(* Assume that the graph Laplacian $\mathbf{L}$ has exactly $r$ distinct eigenvalues. A signal $f\in\mathcal{A}_{\mathbf{L}}$ is a positive semi-definite (respectively positive definite) function if and only if the $r\times r$ Hankel matrix $\mathbf{H}_r(f)$ is positive semi-definite (respectively positive definite), where $$\mathbf{H}_r(x)=\big(f_{\mathbb{1}}^\intercal\mathbf{L}^{i+j-2}x\big)_{i,j=1}^{r}.$$
   Context: Let $G$ be a graph with vertices $v_1,\dots,v_n$, symmetric non-negative weighted adjacency matrix $\mathbf{A}$, degree matrix $\mathbf{D}=\mathrm{diag}(\sum_k\mathbf{A}_{ik})$ (positive), and normalized Laplacian $\mathbf{L}=\mathbf{I}_n-\mathbf{D}^{-1/2}\mathbf{A}\mathbf{D}^{-1/2}$. Signals are vectors in $\mathcal{L}(G)\cong\mathbb{R}^n$ with standard basis $e_1,\dots,e_n$. Fix an orthonormal eigendecomposition $\mathbf{L}=\mathbf{U}\,\mathrm{diag}(\lambda_1,\dots,\lambda_n)\mathbf{U}^\intercal$ with columns $u_1,\dots,u_n$. Fourier transform $\hat{x}=\mathbf{U}^\intercal x$; convolution operator $\mathbf{C}_x=\mathbf{U}\,\mathrm{diag}(\hat{x})\mathbf{U}^\intercal$; $f_{\mathbb{1}}=\sum_{k=1}^n u_k$; $\mathcal{A}_{\mathbf{L}}=\mathrm{span}\{f_{\mathbb{1}},\mathbf{L}f_{\mathbb{1}},\dots,\mathbf{L}^{n-1}f_{\mathbb{1}}\}$. For $f\in\mathcal{L}(G)$ let $(\mathbf{K}_f)_{ij}=(\mathbf{C}_{e_j}f)(v_i)$; $f$ is called a positive semi-definite (positive definite) function if $\mathbf{K}_f$ is symmetric and positive semi-definite (strictly positive definite). *)

From HB Require Import structures.
From mathcomp Require Import all_boot all_order all_algebra.
From mathcomp Require Import reals.
Set Implicit Arguments. Unset Strict Implicit. Unset Printing Implicit Defensive.
Import Order.TTheory GRing.Theory Num.Theory.
Local Open Scope ring_scope.

Section Defs.
Variable R : realType.
Variable n : nat.

Definition degmx (A : 'M[R]_n) : 'M[R]_n :=
  \matrix_(i, j) (if i == j then \sum_k A i k else 0).

Definition degmx_invsqrt (A : 'M[R]_n) : 'M[R]_n :=
  \matrix_(i, j) (if i == j then (Num.sqrt (\sum_k A i k))^-1 else 0).

Definition normLap (A : 'M[R]_n) : 'M[R]_n :=
  1%:M - degmx_invsqrt A *m A *m degmx_invsqrt A.

Definition stdvec (j : 'I_n) : 'cV[R]_n := \col_i (if i == j then 1 else 0).

Definition gft (U : 'M[R]_n) (x : 'cV[R]_n) : 'cV[R]_n := U^T *m x.

Definition convop (U : 'M[R]_n) (x : 'cV[R]_n) : 'M[R]_n :=
  U *m diag_mx (gft U x)^T *m U^T.

Definition f_one (U : 'M[R]_n) : 'cV[R]_n := \sum_(k < n) col k U.

Definition in_AL (U L : 'M[R]_n) (f : 'cV[R]_n) : Prop :=
  exists c : 'I_n -> R, f = \sum_(k < n) c k *: (L ^+ k *m f_one U).

Definition Kmat (U : 'M[R]_n) (f : 'cV[R]_n) : 'M[R]_n :=
  \matrix_(i, j) (convop U (stdvec j) *m f) i 0.

(* Hankel matrix H_r(x) = (f_1^T L^{i+j-2} x)_{i,j=1..r}  (0-indexed: i+j) *)
Definition hankel (U L : 'M[R]_n) (r : nat) (x : 'cV[R]_n) : 'M[R]_r :=
  \matrix_(i, j) ((f_one U)^T *m L ^+ (i + j) *m x) 0 0.

End Defs.

Definition psdmx (R : realType) (m : nat) (M : 'M[R]_m) : Prop :=
  M^T = M /\ forall x : 'cV[R]_m, 0 <= (x^T *m M *m x) 0 0.
Definition pdmx (R : realType) (m : nat) (M : 'M[R]_m) : Prop :=
  M^T = M /\ forall x : 'cV[R]_m, x != 0 -> 0 < (x^T *m M *m x) 0 0.

Definition psd_function (R : realType) (n : nat) (U : 'M[R]_n) (f : 'cV[R]_n) :=
  psdmx (Kmat U f).
Definition pd_function (R : realType) (n : nat) (U : 'M[R]_n) (f : 'cV[R]_n) :=
  pdmx (Kmat U f).

(* In the eigenbasis, K_f = U diag(f^) U^T, so f is positive (semi-)definite
   exactly when every Fourier coefficient f^_k is positive (nonnegative).
   For f in A_L one has f^_k = p(lambda_k) for a polynomial p, so f^_k only
   depends on the eigenvalue lambda_k, and
     x^T H_r(f) x = sum_k f^_k q_x(lambda_k)^2,   q_x = sum_i x_i X^i.
   Nonnegative weights give a positive semi-definite Hankel matrix; conversely,
   a Lagrange polynomial of degree r - 1 isolating one eigenvalue shows every
   weight is nonnegative.  For definiteness, a nonzero q_x of degree < r cannot
   vanish at all r distinct eigenvalues. *)

From HB Require Import structures.
From mathcomp Require Import all_boot all_order all_algebra.
From mathcomp Require Import reals ring.
Set Implicit Arguments. Unset Strict Implicit. Unset Printing Implicit Defensive.
Import Order.TTheory GRing.Theory Num.Theory.
Local Open Scope ring_scope.

Section WeightedSquares.
Variables (R : realDomainType) (I : finType) (w y : I -> R).

Lemma sum_wsqr_ge0 : (forall k, 0 <= w k) -> 0 <= \sum_k w k * y k ^+ 2.
Proof. by move=> w_ge0; apply: sumr_ge0 => k _; rewrite mulr_ge0 ?sqr_ge0. Qed.

Lemma sum_wsqr_gt0 k0 :
  (forall k, 0 < w k) -> y k0 != 0 -> 0 < \sum_k w k * y k ^+ 2.
Proof.
move=> w_gt0 yk0; rewrite (bigD1 k0) //= ltr_pwDl //.
  by rewrite mulr_gt0 // lt0r sqrf_eq0 yk0 sqr_ge0.
by apply: sumr_ge0 => k _; rewrite mulr_ge0 ?sqr_ge0 ?ltW.
Qed.

End WeightedSquares.

Section QuadraticForms.
Variable R : realType.

Lemma qf_diag_mx m (d : 'rV[R]_m) (x : 'cV[R]_m) :
  (x^T *m diag_mx d *m x) 0 0 = \sum_k d 0 k * x k 0 ^+ 2.
Proof.
rewrite mul_mx_diag mxE; apply: eq_bigr => k _.
rewrite !mxE; ring.
Qed.

Lemma qf_delta_mx m (M : 'M[R]_m) k :
  ((delta_mx k 0 : 'cV_m)^T *m M *m (delta_mx k 0 : 'cV_m)) 0 0 = M k k.
Proof. by rewrite trmx_delta -rowE -colE !mxE. Qed.

Lemma psdmx_diag m (d : 'rV[R]_m) : psdmx (diag_mx d) <-> forall k, 0 <= d 0 k.
Proof.
split=> [[_ qf_ge0] k | d_ge0].
  by have := qf_ge0 (delta_mx k 0); rewrite qf_delta_mx mxE eqxx mulr1n.
by split=> [|x]; rewrite ?tr_diag_mx // qf_diag_mx sum_wsqr_ge0.
Qed.

Lemma pdmx_diag m (d : 'rV[R]_m) : pdmx (diag_mx d) <-> forall k, 0 < d 0 k.
Proof.
split=> [[_ qf_gt0] k | d_gt0].
  have := qf_gt0 (delta_mx k 0); rewrite qf_delta_mx mxE eqxx mulr1n; apply.
  by apply/negP => /eqP/matrixP/(_ k 0); rewrite !mxE !eqxx => /eqP; rewrite oner_eq0.
split=> [|x /eqP x_neq0]; first by rewrite tr_diag_mx.
have [k xk_neq0] : exists k, x k 0 != 0.
  apply/existsP; apply: contra_notT x_neq0 => /existsPn x0.
  by apply/matrixP => i j; rewrite ord1 mxE; apply/eqP; rewrite -[_ == _]negbK x0.
by rewrite qf_diag_mx (sum_wsqr_gt0 (k0 := k)).
Qed.

Section OrthogonalConjugation.
Variables (m : nat) (U : 'M[R]_m).
Hypothesis U_orth : U *m U^T = 1%:M.

Let U_orthT : U^T *m U = 1%:M. Proof. exact: mulmx1C. Qed.

Let trmx_orthogonalK (x : 'cV[R]_m) : U^T *m (U *m x) = x.
Proof. by rewrite mulmxA U_orthT mul1mx. Qed.

Lemma orthogonal_conj_sym (M : 'M[R]_m) :
  (U *m M *m U^T)^T = U *m M *m U^T <-> M^T = M.
Proof.
have trE : (U *m M *m U^T)^T = U *m M^T *m U^T by rewrite !trmx_mul trmxK mulmxA.
have conjK N : U^T *m (U *m N *m U^T) *m U = N.
  by rewrite !mulmxA U_orthT mul1mx -mulmxA U_orthT mulmx1.
rewrite trE; split=> [/(congr1 (fun N => U^T *m N *m U))|->] //.
by rewrite !conjK.
Qed.

Lemma qf_orthogonal_conj (M : 'M[R]_m) (x : 'cV[R]_m) :
  (x^T *m (U *m M *m U^T) *m x) = (U^T *m x)^T *m M *m (U^T *m x).
Proof. by rewrite trmx_mul trmxK !mulmxA. Qed.

Lemma orthogonal_trmx_eq0 (x : 'cV[R]_m) : (U^T *m x == 0) = (x == 0).
Proof.
apply/eqP/eqP=> [x0|->]; last exact: mulmx0.
by rewrite -[x]mul1mx -U_orth -mulmxA x0 mulmx0.
Qed.

Lemma psdmx_orthogonal_conj (M : 'M[R]_m) : psdmx (U *m M *m U^T) <-> psdmx M.
Proof.
rewrite /psdmx orthogonal_conj_sym; split=> -[M_sym qf_ge0]; split=> // x.
  by have := qf_ge0 (U *m x); rewrite qf_orthogonal_conj trmx_orthogonalK.
by rewrite qf_orthogonal_conj.
Qed.

Lemma pdmx_orthogonal_conj (M : 'M[R]_m) : pdmx (U *m M *m U^T) <-> pdmx M.
Proof.
rewrite /pdmx orthogonal_conj_sym; split=> -[M_sym qf_gt0]; split=> // x x_neq0.
  have Ux_neq0 : U *m x != 0 by rewrite -orthogonal_trmx_eq0 trmx_orthogonalK.
  by have := qf_gt0 _ Ux_neq0; rewrite qf_orthogonal_conj trmx_orthogonalK.
by rewrite qf_orthogonal_conj qf_gt0 ?orthogonal_trmx_eq0.
Qed.

End OrthogonalConjugation.

End QuadraticForms.

Section MomentHankel.
Variables (R : realType) (n r : nat) (mu w : 'I_n -> R).

Definition moment_hankel : 'M[R]_r := \matrix_(i, j) \sum_k w k * mu k ^+ (i + j).

Lemma moment_hankel_sym : moment_hankel^T = moment_hankel.
Proof. by apply/matrixP => i j; rewrite !mxE addnC. Qed.

Lemma horner_rVpoly (v : 'rV[R]_r) t : (rVpoly v).[t] = \sum_i v 0 i * t ^+ i.
Proof.
rewrite (horner_coef_wide _ (size_poly _ _)).
by apply: eq_bigr => i _; rewrite coef_rVpoly_ord.
Qed.

Lemma qf_moment_hankel (x : 'cV[R]_r) :
  (x^T *m moment_hankel *m x) 0 0 = \sum_k w k * (rVpoly x^T).[mu k] ^+ 2.
Proof.
rewrite mxE; transitivity (\sum_j \sum_i \sum_k
    w k * (x i 0 * mu k ^+ i) * (x j 0 * mu k ^+ j)).
  apply: eq_bigr => j _; rewrite mxE big_distrl; apply: eq_bigr => i _.
  by rewrite !mxE big_distrr big_distrl; apply: eq_bigr => k _ /=; rewrite exprD; ring.
rewrite exchange_big; under eq_bigr do rewrite exchange_big; rewrite exchange_big.
apply: eq_bigr => k _; rewrite horner_rVpoly expr2 big_distrlr mulr_sumr.
by apply: eq_bigr => i _; rewrite mulr_sumr; apply: eq_bigr => j _; rewrite !mxE -mulrA.
Qed.

Hypothesis w_level : forall k l, mu k = mu l -> w k = w l.
Let nodes := undup [seq mu k | k <- enum 'I_n].
Hypothesis size_nodes : size nodes = r.

Lemma mem_nodes k : mu k \in nodes.
Proof. by rewrite mem_undup map_f ?mem_enum. Qed.

Lemma exists_node_indicator k0 : exists p : {poly R},
  [/\ (size p <= r)%N, p.[mu k0] != 0 & forall k, mu k != mu k0 -> p.[mu k] = 0].
Proof.
have nodes_uniq : uniq nodes := undup_uniq _.
exists (\prod_(a <- rem (mu k0) nodes) ('X - a%:P)); split.
- rewrite size_prod_XsubC size_rem ?mem_nodes // -size_nodes.
  by have := mem_nodes k0; case: nodes.
- by rewrite -/(root _ _) root_prod_XsubC (mem_rem_uniq _ nodes_uniq) inE eqxx.
- move=> k neq_k; apply/eqP; rewrite -/(root _ _) root_prod_XsubC.
  by rewrite (mem_rem_uniq _ nodes_uniq) inE neq_k mem_nodes.
Qed.

Lemma qf_moment_hankel_node k0 : exists2 x : 'cV[R]_r, x != 0 &
  exists2 c, 0 < c & (x^T *m moment_hankel *m x) 0 0 = w k0 * c.
Proof.
have [p [size_p pk0_neq0 p_vanish]] := exists_node_indicator k0.
have rVp : rVpoly (poly_rV p : 'rV_r) = p := poly_rV_K size_p.
exists (poly_rV p)^T.
  apply: contraNneq pk0_neq0 => /(congr1 (fun x => rVpoly x^T)).
  by rewrite trmxK rVp trmx0 linear0 => ->; rewrite horner0.
exists (\sum_k (mu k == mu k0)%:R * p.[mu k0] ^+ 2).
  rewrite (bigD1 k0) //= eqxx mul1r ltr_pwDl ?exprn_even_gt0 //.
  by apply: sumr_ge0 => k _; rewrite mulr_ge0 ?ler0n ?sqr_ge0.
rewrite qf_moment_hankel trmxK rVp mulr_sumr; apply: eq_bigr => k _.
by have [/[dup] /w_level -> ->|/p_vanish ->] := eqVneq (mu k) (mu k0);
  rewrite /=; ring.
Qed.

Lemma psdmx_moment_hankel : psdmx moment_hankel <-> forall k, 0 <= w k.
Proof.
split=> [[_ qf_ge0] k | w_ge0].
  have [x _ [c c_gt0 qfE]] := qf_moment_hankel_node k.
  by have := qf_ge0 x; rewrite qfE pmulr_lge0.
split=> [|x]; first exact: moment_hankel_sym.
by rewrite qf_moment_hankel sum_wsqr_ge0.
Qed.

Lemma pdmx_moment_hankel : pdmx moment_hankel <-> forall k, 0 < w k.
Proof.
split=> [[_ qf_gt0] k | w_gt0].
  have [x x_neq0 [c c_gt0 qfE]] := qf_moment_hankel_node k.
  by have := qf_gt0 x x_neq0; rewrite qfE pmulr_lgt0.
split=> [|x x_neq0]; first exact: moment_hankel_sym.
have p_neq0 : rVpoly x^T != 0.
  apply: contra_neq x_neq0 => /(congr1 (@poly_rV _ r)).
  by rewrite rVpolyK linear0 => /eqP; rewrite trmx_eq0 => /eqP.
have [k pk_neq0] : exists k, ~~ root (rVpoly x^T) (mu k).
  suff /allPn [a] : ~~ all (root (rVpoly x^T)) nodes.
    by rewrite mem_undup => /mapP [k _ ->]; exists k.
  apply: contra p_neq0 => all_roots; apply/eqP.
  apply: (roots_geq_poly_eq0 all_roots (undup_uniq _)).
  by rewrite size_nodes size_poly.
by rewrite qf_moment_hankel (sum_wsqr_gt0 (k0 := k)).
Qed.

End MomentHankel.

Lemma stdvec_delta (R : realType) n (j : 'I_n) : stdvec R j = delta_mx j 0.
Proof. by apply/matrixP => i k; rewrite !mxE (ord1 k) eqxx andbT; case: eqP. Qed.

Lemma diag_mx_trC (R : comNzRingType) n (a b : 'cV[R]_n) :
  diag_mx a^T *m b = diag_mx b^T *m a.
Proof. by apply/matrixP => i j; rewrite !mul_diag_mx !mxE ord1 mulrC. Qed.

Section GraphFourier.
Variables (R : realType) (n : nat) (U : 'M[R]_n).

Lemma Kmat_spectral (f : 'cV[R]_n) : Kmat U f = U *m diag_mx (gft U f)^T *m U^T.
Proof.
apply/matrixP => i j; rewrite mxE /convop /gft stdvec_delta -!mulmxA diag_mx_trC.
by rewrite !mulmxA -colE mxE.
Qed.

Lemma f_oneE : f_one U = U *m const_mx 1.
Proof.
apply/matrixP => i j; rewrite summxE !mxE.
by apply: eq_bigr => k _; rewrite !mxE mulr1.
Qed.

Hypothesis U_orth : U *m U^T = 1%:M.

Lemma psd_function_gft (f : 'cV[R]_n) :
  psd_function U f <-> forall k, 0 <= gft U f k 0.
Proof.
rewrite /psd_function Kmat_spectral psdmx_orthogonal_conj // psdmx_diag.
by split=> gft_ge0 k; [move: (gft_ge0 k) | ]; rewrite mxE //; apply: gft_ge0.
Qed.

Lemma pd_function_gft (f : 'cV[R]_n) :
  pd_function U f <-> forall k, 0 < gft U f k 0.
Proof.
rewrite /pd_function Kmat_spectral pdmx_orthogonal_conj // pdmx_diag.
by split=> gft_gt0 k; [move: (gft_gt0 k) | ]; rewrite mxE //; apply: gft_gt0.
Qed.

Lemma gft_f_one : gft U (f_one U) = const_mx 1.
Proof. by rewrite /gft f_oneE mulmxA (mulmx1C U_orth) mul1mx. Qed.

Variables (lam : 'rV[R]_n) (L : 'M[R]_n).
Hypothesis L_spectral : L = U *m diag_mx lam *m U^T.

Lemma gft_mulL (x : 'cV[R]_n) k : gft U (L *m x) k 0 = lam 0 k * gft U x k 0.
Proof.
by rewrite /gft L_spectral !mulmxA (mulmx1C U_orth) mul1mx -mulmxA mul_diag_mx mxE.
Qed.

Lemma gft_mulLn m (x : 'cV[R]_n) k :
  gft U (L ^+ m *m x) k 0 = lam 0 k ^+ m * gft U x k 0.
Proof.
elim: m => [|m IHm]; first by rewrite expr0 mul1mx mul1r.
by rewrite exprS -mulmxE -mulmxA gft_mulL IHm exprS mulrA.
Qed.

Lemma in_AL_gft_level (f : 'cV[R]_n) : in_AL U L f ->
  forall k l, lam 0 k = lam 0 l -> gft U f k 0 = gft U f l 0.
Proof.
have gftE (c : 'I_n -> R) k : gft U (\sum_(m < n) c m *: (L ^+ m *m f_one U)) k 0
    = \sum_(m < n) c m * lam 0 k ^+ m.
  rewrite /gft mulmx_sumr summxE; apply: eq_bigr => m _.
  by rewrite -scalemxAr mxE -/(gft _ _) gft_mulLn gft_f_one mxE mulr1.
by move=> [c ->] k l eq_kl; rewrite !gftE eq_kl.
Qed.

Variable r : nat.

Lemma hankel_moment (f : 'cV[R]_n) :
  hankel U L r f = moment_hankel r (fun k => lam 0 k) (fun k => gft U f k 0).
Proof.
apply/matrixP => i j; rewrite [LHS]mxE f_oneE trmx_mul -!mulmxA mxE [RHS]mxE.
apply: eq_bigr => k _; rewrite trmx_const mxE mul1r mulrC.
exact: gft_mulLn.
Qed.

Hypothesis size_eigs : size (undup [seq lam 0 k | k <- enum 'I_n]) = r.

Lemma psdmx_hankel (f : 'cV[R]_n) : in_AL U L f ->
  psdmx (hankel U L r f) <-> forall k, 0 <= gft U f k 0.
Proof.
by move=> f_AL; rewrite hankel_moment psdmx_moment_hankel //; apply: in_AL_gft_level.
Qed.

Lemma pdmx_hankel (f : 'cV[R]_n) : in_AL U L f ->
  pdmx (hankel U L r f) <-> forall k, 0 < gft U f k 0.
Proof.
by move=> f_AL; rewrite hankel_moment pdmx_moment_hankel //; apply: in_AL_gft_level.
Qed.

End GraphFourier.

Theorem theorem3 (R : realType) (n : nat) (A : 'M[R]_n)
  (U : 'M[R]_n) (lam : 'rV[R]_n) (r : nat) :
  A^T = A ->
  (forall i j, 0 <= A i j) ->
  (forall i, 0 < \sum_k A i k) ->
  U *m U^T = 1%:M ->
  normLap A = U *m diag_mx lam *m U^T ->
  size (undup [seq lam 0 i | i <- enum 'I_n]) = r ->
  forall f : 'cV[R]_n, in_AL U (normLap A) f ->
    (psd_function U f <-> psdmx (hankel U (normLap A) r f)) /\
    (pd_function U f <-> pdmx (hankel U (normLap A) r f)).
Proof.
move=> _ _ _ U_orth L_spectral size_eigs f f_AL.
rewrite psd_function_gft // pd_function_gft //.
rewrite (psdmx_hankel U_orth L_spectral size_eigs f_AL).
by rewrite (pdmx_hankel U_orth L_spectral size_eigs f_AL).
Qed.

****

§ **Work to complete**
Write out, unaltered, the lines from the opening of the listing through the line that includes "i k else 0).".

§ **Response to the task**
(* Assume that the graph Laplacian $\mathbf{L}$ has exactly $r$ distinct eigenvalues. A signal $f\in\mathcal{A}_{\mathbf{L}}$ is a positive semi-definite (respectively positive definite) function if and only if the $r\times r$ Hankel matrix $\mathbf{H}_r(f)$ is positive semi-definite (respectively positive definite), where $$\mathbf{H}_r(x)=\big(f_{\mathbb{1}}^\intercal\mathbf{L}^{i+j-2}x\big)_{i,j=1}^{r}.$$
   Context: Let $G$ be a graph with vertices $v_1,\dots,v_n$, symmetric non-negative weighted adjacency matrix $\mathbf{A}$, degree matrix $\mathbf{D}=\mathrm{diag}(\sum_k\mathbf{A}_{ik})$ (positive), and normalized Laplacian $\mathbf{L}=\mathbf{I}_n-\mathbf{D}^{-1/2}\mathbf{A}\mathbf{D}^{-1/2}$. Signals are vectors in $\mathcal{L}(G)\cong\mathbb{R}^n$ with standard basis $e_1,\dots,e_n$. Fix an orthonormal eigendecomposition $\mathbf{L}=\mathbf{U}\,\mathrm{diag}(\lambda_1,\dots,\lambda_n)\mathbf{U}^\intercal$ with columns $u_1,\dots,u_n$. Fourier transform $\hat{x}=\mathbf{U}^\intercal x$; convolution operator $\mathbf{C}_x=\mathbf{U}\,\mathrm{diag}(\hat{x})\mathbf{U}^\intercal$; $f_{\mathbb{1}}=\sum_{k=1}^n u_k$; $\mathcal{A}_{\mathbf{L}}=\mathrm{span}\{f_{\mathbb{1}},\mathbf{L}f_{\mathbb{1}},\dots,\mathbf{L}^{n-1}f_{\mathbb{1}}\}$. For $f\in\mathcal{L}(G)$ let $(\mathbf{K}_f)_{ij}=(\mathbf{C}_{e_j}f)(v_i)$; $f$ is called a positive semi-definite (positive definite) function if $\mathbf{K}_f$ is symmetric and positive semi-definite (strictly positive definite). *)

From HB Require Import structures.
From mathcomp Require Import all_boot all_order all_algebra.
From mathcomp Require Import reals.
Set Implicit Arguments. Unset Strict Implicit. Unset Printing Implicit Defensive.
Import Order.TTheory GRing.Theory Num.Theory.
Local Open Scope ring_scope.

Section Defs.
Variable R : realType.
Variable n : nat.

Definition degmx (A : 'M[R]_n) : 'M[R]_n :=
  \matrix_(i, j) (if i == j then \sum_k A i k else 0).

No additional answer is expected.